I'm a noob. I bought this bike to learn bike mechanics, and to have something a little unique at the end. I've been reading for 2 days solid and I'm left with a few concerns I can't seem to find the answers for, hopefully someone with some experience can help me please?

I understand I need flat bar road shifters as the mtb ones have a different pull ratio. So I propose the Shimano R770 flat bar shifters. From their spec, it says I must use the R770 front mech. Is this the best option, or can I put an Ultegra front mech on? I'm sure I've seen different mechs being coupled with the R770 shifters. (The Bad Boy is set up with bottom pull front mech already, so this seems like a blessing).

The other concern is that with the rear mech, cassette and crank. Which, if any, other drivetrain components have to be matched with the same model/manufacturer, for best shifting performance?

And my last and possibly noobest question... will a 10speed cassette actually fit on the standard Bad Boy c700 disc hub, and within the frame? It's an 8 speed cassette on there at the moment (the Bad Boy 1 has a 9 speed cassette). Will the overall width of the cassette be the same but with a closer ratio, is it a case of just swapping it out or removing spacers?

I'd like to put a standard double ten speed crank on there, possibbly a compact, unsure yet. Hopefully someone can enlighten me on these points, or tell me if it's even doable.

Thanks


----------



## BrutalWang (Oct 14, 2012)

I think I've found some answers to my questions. Sorry if I'm asking things which may have been addressed many times before.

As I understand it you can upgrade from an 8speed cassette to a 10speed, you need to add a 1mm spacer, I think.

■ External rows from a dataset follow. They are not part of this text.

(* The cut rule is admissible in ${\sf GWF^s_{N_2}}$: for all $D,Z\in{\sf Frm_2}$ and finite multisets $\Gamma,\Gamma'$ of ${\sf Frm_2}$-formulas, if $\Gamma\Rightarrow D$ and $D,\Gamma'\Rightarrow Z$ are derivable in ${\sf GWF^s_{N_2}}$, then $\Gamma,\Gamma'\Rightarrow Z$ is derivable in ${\sf GWF^s_{N_2}}$.
   Context: Language: countably many atoms $p,q,\dots$, the constant $\bot$, and binary connectives $\wedge,\vee,\rightarrow$ ($\rightarrow$ is strict implication). ${\sf Frm}$ is the set of formulas built from atoms and $\bot$ with $\wedge,\vee,\rightarrow$; $A,B,C,D$ range over ${\sf Frm}$. Let $\supset$ be a new binary symbol (material implication) and ${\sf Frm_1}={\sf Frm}\cup\{A\supset B : A,B\in{\sf Frm}\}$ (no nesting of $\supset$). ${\sf Frm_2}$ is the smallest set containing ${\sf Frm_1}$ and closed under $\wedge$ and $\vee$; $X,Y,Z$ range over ${\sf Frm_2}$. A single-succedent sequent is $\Gamma\Rightarrow Z$ with $\Gamma$ a finite multiset of ${\sf Frm_2}$-formulas and $Z\in{\sf Frm_2}$. The calculus ${\sf GWF^s_{N_2}}$ has initial sequents $(id^s)$ $p,\Gamma\Rightarrow p$ ($p$ an atom) and $(L^s_\bot)$ $\bot,\Gamma\Rightarrow Z$, and rules (premises / conclusion): $(L^s_\wedge)$ $X,Y,\Gamma\Rightarrow Z$ / $X\wedge Y,\Gamma\Rightarrow Z$; $(R^s_\wedge)$ $\Gamma\Rightarrow X$ and $\Gamma\Rightarrow Y$ / $\Gamma\Rightarrow X\wedge Y$; $(L^s_\vee)$ $X,\Gamma\Rightarrow Z$ and $Y,\Gamma\Rightarrow Z$ / $X\vee Y,\Gamma\Rightarrow Z$; $(R^s_{\vee_l})$ $\Gamma\Rightarrow X$ / $\Gamma\Rightarrow X\vee Y$; $(R^s_{\vee_r})$ $\Gamma\Rightarrow Y$ / $\Gamma\Rightarrow X\vee Y$; $(L^s_\supset)$ $A\supset B,\Gamma\Rightarrow A$ and $B,\Gamma\Rightarrow Z$ / $A\supset B,\Gamma\Rightarrow Z$; $(R^s_\supset)$ $A,\Gamma\Rightarrow B$ / $\Gamma\Rightarrow A\supset B$; $(LR^s_\rightarrow)$ $C\supset D,A\Rightarrow B$ / $\Gamma,C\rightarrow D\Rightarrow A\rightarrow B$; $(R^s_\rightarrow)$ $A\Rightarrow B$ / $\Gamma\Rightarrow A\rightarrow B$. Here $A,B,C,D\in{\sf Frm}$, $X,Y,Z\in{\sf Frm_2}$, $\Gamma$ an arbitrary finite multiset of ${\sf Frm_2}$-formulas. *)

From Stdlib Require Import List Permutation.
Import ListNotations.

(* Frm: atoms, bot, /\, \/, strict implication -> *)
Inductive frm : Type :=
| FAtom : nat -> frm
| FBot : frm
| FAnd : frm -> frm -> frm
| FOr : frm -> frm -> frm
| FImp : frm -> frm -> frm.

(* Frm_2, represented canonically: Frm_2 is generated from Frm_1 = Frm u {A ⊃ B}
   by /\ and \/. *)
Inductive frm2 : Type :=
| Atom : nat -> frm2
| Bot : frm2
| SImp : frm -> frm -> frm2
| MImp : frm -> frm -> frm2
| And2 : frm2 -> frm2 -> frm2
| Or2 : frm2 -> frm2 -> frm2.

Fixpoint emb (A : frm) : frm2 :=
  match A with
  | FAtom p => Atom p
  | FBot => Bot
  | FAnd A B => And2 (emb A) (emb B)
  | FOr A B => Or2 (emb A) (emb B)
  | FImp A B => SImp A B
  end.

And I also found this on tinterweb: For touring I have a Cannondale Ultra Bad boy with the following setup: Shimano 10 speed flat bar shifters, 10 speed Ultegra Derailleur, 10 speed Ultegra Cassette (12-25) and Ultegra chain. On the front I have a 9 speed Tuvativ tripple (22-36-48) with a Shimano derailleur.

So I guess a 10sp cassette will fit, and clear the frame. Unless this guy has different wheels/hub, if that makes a difference. Meh. still not confident this is gonna work. Or is my brain over complicating things.


----------



## AndrwSwitch (May 28, 2009)

Um.

I think your brain is overcomplicating things, FWIW, but what are you trying to do? From the post, it sounds like you want to take a flat bar bike with a functional MTB drivetrain and put on a flat bar road drivetrain. Is that correct? Why are you doing it? What are you hoping to gain? I suspect that whatever it is you want to do, as long as it involves staying with flat handlebars, there's an easier way...


----------



## BrutalWang (Oct 14, 2012)

I just want to customize it, optimize it for road use, get my hands dirty, and learn bike mechanics. I never use the smallest ring at the front, I climb hills half way up the second ring. I'd also like a little more top end. I'm basically trying to create a road bike that looks like a mountain bike. As this is the background I come from and style I like most. I'd also like some better components on it, as the Bad Boy 9 components are recreational at best. Judging by the lack of responses it looks like I'm asking in the wrong place anyway.


----------



## AndrwSwitch (May 28, 2009)

OK, I read two specifics in your post.

1) You feel that the lowest ring is useless to you.
2) You'd like to have a taller highest gear.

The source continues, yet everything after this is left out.